Stored items from a collection:
*-*-*

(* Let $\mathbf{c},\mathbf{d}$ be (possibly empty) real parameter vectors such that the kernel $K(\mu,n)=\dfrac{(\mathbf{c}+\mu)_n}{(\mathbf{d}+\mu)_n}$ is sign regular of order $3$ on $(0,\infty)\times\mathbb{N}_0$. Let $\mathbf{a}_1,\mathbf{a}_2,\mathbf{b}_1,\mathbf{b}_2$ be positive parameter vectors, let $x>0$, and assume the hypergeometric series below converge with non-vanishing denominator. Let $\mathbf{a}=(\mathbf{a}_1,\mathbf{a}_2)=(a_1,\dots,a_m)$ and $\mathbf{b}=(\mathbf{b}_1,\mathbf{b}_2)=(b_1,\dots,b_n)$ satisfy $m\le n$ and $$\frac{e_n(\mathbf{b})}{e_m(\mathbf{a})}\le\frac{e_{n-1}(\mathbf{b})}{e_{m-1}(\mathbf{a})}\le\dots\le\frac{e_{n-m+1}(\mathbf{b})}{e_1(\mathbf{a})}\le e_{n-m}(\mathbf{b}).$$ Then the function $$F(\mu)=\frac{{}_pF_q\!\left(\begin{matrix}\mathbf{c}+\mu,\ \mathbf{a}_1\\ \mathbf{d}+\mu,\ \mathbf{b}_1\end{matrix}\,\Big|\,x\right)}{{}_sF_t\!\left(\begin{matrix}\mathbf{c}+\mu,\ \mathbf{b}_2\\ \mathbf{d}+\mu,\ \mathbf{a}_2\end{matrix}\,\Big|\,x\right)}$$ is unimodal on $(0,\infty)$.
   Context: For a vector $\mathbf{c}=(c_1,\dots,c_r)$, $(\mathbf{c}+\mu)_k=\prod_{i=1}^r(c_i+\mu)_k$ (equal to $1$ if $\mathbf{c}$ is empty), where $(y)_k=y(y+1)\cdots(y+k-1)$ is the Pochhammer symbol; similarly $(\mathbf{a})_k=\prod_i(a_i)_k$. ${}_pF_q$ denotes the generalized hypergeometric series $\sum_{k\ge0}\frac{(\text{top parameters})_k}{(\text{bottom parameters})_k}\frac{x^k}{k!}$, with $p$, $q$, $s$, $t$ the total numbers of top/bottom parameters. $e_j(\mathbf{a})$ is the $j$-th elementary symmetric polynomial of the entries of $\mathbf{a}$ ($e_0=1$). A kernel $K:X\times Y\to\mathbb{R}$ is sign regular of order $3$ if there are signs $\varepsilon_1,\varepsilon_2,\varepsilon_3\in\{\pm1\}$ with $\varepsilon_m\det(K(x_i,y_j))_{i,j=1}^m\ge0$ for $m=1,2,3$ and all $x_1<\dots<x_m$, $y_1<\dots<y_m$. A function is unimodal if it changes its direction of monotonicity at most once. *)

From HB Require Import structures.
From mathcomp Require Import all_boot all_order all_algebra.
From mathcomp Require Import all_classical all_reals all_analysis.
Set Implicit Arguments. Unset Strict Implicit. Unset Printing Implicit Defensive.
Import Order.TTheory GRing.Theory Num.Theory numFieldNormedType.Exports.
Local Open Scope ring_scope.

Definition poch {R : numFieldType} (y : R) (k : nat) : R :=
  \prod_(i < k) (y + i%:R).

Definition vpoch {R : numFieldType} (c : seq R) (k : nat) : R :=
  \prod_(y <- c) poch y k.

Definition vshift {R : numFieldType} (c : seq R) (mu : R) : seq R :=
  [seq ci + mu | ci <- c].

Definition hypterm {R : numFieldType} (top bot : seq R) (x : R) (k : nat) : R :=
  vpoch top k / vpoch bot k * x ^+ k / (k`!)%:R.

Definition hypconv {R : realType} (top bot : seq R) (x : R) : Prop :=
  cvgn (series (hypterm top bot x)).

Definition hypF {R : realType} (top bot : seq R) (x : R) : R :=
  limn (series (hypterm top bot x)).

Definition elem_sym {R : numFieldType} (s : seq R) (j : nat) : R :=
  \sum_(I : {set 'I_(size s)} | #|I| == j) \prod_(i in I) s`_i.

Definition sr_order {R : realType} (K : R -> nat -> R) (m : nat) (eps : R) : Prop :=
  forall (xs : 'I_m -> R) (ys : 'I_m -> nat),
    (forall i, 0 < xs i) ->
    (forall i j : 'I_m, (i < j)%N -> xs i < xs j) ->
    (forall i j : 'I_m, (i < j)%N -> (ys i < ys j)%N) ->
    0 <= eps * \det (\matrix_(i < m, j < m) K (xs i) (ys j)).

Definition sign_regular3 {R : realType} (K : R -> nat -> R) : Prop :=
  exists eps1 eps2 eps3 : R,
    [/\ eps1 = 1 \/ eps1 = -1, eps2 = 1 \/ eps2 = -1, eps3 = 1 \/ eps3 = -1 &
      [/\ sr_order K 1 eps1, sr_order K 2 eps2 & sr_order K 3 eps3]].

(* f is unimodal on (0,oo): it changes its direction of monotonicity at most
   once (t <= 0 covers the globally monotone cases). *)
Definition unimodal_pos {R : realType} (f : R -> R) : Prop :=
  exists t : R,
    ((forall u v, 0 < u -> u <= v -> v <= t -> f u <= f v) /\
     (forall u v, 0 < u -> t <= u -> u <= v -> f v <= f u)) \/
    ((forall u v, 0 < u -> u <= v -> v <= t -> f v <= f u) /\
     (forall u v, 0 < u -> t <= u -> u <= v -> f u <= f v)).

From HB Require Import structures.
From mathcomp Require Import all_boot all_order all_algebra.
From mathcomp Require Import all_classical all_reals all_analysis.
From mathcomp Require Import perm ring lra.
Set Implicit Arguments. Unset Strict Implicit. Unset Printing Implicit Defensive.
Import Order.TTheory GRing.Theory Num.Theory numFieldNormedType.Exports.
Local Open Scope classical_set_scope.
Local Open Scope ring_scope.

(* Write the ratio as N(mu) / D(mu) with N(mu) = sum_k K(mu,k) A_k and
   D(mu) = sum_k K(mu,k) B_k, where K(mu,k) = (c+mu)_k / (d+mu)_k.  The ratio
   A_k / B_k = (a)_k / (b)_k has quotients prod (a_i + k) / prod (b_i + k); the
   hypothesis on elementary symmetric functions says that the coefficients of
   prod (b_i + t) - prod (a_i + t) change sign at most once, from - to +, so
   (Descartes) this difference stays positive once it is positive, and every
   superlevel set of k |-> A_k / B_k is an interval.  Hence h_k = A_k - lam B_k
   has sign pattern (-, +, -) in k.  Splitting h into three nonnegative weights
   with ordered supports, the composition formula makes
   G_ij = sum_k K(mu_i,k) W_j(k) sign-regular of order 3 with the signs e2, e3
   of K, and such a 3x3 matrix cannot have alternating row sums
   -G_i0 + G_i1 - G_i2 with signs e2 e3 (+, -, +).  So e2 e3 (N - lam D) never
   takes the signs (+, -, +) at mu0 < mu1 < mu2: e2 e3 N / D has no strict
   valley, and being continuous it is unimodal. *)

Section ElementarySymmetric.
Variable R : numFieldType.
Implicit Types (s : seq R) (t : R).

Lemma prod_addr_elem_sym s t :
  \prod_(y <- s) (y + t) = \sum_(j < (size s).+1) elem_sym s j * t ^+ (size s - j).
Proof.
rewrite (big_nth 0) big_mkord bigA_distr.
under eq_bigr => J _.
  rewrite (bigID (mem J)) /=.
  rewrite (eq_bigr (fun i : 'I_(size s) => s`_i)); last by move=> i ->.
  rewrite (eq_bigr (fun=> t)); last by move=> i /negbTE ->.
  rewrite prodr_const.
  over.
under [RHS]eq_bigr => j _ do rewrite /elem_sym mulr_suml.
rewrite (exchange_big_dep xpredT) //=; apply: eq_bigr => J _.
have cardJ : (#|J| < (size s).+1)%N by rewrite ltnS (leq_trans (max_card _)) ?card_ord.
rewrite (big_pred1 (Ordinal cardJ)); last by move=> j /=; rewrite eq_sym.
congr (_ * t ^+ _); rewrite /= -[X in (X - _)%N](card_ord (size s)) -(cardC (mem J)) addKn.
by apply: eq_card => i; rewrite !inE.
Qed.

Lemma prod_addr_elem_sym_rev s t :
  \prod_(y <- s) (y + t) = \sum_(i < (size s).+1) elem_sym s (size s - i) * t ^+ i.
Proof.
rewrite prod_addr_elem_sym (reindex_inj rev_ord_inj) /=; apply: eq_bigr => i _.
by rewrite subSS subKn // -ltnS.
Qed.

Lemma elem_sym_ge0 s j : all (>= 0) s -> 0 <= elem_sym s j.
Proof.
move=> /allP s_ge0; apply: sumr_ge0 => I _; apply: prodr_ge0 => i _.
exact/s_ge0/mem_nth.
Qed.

*-*-*

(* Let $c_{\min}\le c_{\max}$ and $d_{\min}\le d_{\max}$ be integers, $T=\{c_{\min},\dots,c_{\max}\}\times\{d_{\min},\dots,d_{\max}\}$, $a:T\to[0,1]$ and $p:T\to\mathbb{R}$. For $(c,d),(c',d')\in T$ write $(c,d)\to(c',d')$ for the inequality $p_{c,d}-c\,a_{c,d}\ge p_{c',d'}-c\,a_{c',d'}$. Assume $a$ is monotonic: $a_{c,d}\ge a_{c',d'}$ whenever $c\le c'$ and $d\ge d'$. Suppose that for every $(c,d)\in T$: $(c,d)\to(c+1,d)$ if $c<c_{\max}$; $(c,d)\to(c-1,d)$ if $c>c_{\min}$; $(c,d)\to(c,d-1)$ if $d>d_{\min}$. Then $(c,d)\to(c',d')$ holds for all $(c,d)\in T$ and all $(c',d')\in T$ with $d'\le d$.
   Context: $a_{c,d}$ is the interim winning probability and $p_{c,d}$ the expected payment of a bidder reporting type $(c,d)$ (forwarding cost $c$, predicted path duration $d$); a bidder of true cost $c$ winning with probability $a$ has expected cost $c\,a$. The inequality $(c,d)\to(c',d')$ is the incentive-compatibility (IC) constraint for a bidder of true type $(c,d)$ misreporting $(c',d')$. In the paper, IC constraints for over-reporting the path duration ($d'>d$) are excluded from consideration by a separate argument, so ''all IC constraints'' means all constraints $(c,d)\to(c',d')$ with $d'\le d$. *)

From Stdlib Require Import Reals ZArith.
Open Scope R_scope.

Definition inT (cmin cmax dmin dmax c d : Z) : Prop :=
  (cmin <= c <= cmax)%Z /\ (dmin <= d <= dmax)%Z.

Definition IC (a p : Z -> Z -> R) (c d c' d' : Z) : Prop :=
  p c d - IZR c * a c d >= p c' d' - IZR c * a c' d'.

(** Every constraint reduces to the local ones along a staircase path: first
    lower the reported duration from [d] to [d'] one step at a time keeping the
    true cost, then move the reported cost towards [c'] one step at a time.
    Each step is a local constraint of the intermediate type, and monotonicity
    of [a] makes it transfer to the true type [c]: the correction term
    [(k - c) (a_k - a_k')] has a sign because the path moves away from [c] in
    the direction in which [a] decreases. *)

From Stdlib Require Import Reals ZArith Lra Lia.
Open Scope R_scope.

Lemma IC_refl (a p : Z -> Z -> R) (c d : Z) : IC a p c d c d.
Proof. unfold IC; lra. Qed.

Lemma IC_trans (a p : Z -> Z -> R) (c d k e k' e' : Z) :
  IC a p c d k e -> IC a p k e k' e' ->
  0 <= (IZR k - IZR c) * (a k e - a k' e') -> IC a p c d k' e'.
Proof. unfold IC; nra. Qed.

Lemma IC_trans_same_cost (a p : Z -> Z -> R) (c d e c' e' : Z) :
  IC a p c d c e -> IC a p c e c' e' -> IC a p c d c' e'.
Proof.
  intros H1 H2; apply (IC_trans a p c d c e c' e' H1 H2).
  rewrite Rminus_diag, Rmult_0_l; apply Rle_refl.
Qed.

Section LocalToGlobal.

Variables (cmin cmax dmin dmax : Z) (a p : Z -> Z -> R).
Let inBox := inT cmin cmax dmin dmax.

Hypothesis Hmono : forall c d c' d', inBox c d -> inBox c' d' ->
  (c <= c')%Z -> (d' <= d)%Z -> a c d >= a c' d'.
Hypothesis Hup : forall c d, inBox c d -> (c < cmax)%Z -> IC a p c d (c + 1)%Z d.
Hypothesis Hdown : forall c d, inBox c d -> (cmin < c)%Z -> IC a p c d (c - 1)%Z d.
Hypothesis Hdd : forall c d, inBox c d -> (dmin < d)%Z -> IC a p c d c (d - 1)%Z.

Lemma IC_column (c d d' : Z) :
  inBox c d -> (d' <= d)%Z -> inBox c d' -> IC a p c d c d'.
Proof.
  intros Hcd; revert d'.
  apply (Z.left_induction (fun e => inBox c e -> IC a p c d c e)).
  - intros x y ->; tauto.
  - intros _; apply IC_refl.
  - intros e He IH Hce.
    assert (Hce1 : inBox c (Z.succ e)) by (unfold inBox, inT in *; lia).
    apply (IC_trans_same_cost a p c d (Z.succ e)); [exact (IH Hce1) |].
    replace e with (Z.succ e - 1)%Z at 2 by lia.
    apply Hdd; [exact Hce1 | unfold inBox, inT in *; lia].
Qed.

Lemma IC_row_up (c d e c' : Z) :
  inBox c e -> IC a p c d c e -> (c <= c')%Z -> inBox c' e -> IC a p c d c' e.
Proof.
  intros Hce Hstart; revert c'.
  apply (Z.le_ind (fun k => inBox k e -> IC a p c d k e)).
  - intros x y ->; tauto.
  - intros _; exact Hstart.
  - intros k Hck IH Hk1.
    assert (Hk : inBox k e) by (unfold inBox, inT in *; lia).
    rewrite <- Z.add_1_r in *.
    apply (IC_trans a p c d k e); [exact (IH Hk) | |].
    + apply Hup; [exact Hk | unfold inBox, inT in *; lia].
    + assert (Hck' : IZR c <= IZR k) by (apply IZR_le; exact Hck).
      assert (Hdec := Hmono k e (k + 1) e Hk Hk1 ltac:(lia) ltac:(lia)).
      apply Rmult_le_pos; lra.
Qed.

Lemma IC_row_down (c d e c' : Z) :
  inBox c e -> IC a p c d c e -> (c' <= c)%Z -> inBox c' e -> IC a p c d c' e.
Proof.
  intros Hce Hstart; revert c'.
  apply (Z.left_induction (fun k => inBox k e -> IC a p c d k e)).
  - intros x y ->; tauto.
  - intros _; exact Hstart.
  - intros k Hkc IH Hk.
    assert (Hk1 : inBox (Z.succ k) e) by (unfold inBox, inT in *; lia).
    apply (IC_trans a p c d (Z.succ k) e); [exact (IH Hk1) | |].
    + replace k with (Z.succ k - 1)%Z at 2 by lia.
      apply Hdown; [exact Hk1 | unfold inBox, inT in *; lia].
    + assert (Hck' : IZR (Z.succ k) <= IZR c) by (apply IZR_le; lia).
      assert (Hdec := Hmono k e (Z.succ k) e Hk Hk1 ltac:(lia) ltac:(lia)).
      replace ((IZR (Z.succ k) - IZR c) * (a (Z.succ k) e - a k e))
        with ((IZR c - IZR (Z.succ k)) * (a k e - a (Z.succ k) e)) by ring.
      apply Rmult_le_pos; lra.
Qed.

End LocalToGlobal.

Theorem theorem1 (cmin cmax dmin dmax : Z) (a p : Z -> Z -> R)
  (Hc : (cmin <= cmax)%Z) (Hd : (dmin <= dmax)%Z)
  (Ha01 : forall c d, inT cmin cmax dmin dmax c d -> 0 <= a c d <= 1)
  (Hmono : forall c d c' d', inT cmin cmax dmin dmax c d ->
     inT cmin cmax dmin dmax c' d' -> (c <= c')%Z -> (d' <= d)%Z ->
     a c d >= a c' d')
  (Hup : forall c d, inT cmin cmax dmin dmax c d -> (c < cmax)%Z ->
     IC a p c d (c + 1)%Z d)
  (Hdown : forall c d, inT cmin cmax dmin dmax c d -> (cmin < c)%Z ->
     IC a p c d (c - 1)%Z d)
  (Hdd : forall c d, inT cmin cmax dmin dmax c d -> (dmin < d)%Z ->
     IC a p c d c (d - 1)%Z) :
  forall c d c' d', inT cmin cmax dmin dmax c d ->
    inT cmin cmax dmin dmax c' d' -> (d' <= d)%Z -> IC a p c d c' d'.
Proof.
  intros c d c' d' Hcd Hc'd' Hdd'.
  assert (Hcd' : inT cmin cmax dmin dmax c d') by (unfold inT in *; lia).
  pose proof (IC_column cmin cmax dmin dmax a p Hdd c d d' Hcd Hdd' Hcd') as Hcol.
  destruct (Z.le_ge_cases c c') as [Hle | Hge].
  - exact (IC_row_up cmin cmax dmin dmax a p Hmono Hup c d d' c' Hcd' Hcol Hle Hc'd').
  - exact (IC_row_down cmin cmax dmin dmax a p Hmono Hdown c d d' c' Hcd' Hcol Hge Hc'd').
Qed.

*-*-*

> [Problem description]:
Find the word "realType" in the data and copy out each line where it turns up.

> [The completed task]:
Definition hypconv {R : realType} (top bot : seq R) (x : R) : Prop :=
Definition hypF {R : realType} (top bot : seq R) (x : R) : R :=
Definition sr_order {R : realType} (K : R -> nat -> R) (m : nat) (eps : R) : Prop :=
Definition sign_regular3 {R : realType} (K : R -> nat -> R) : Prop :=
Definition unimodal_pos {R : realType} (f : R -> R) : Prop :=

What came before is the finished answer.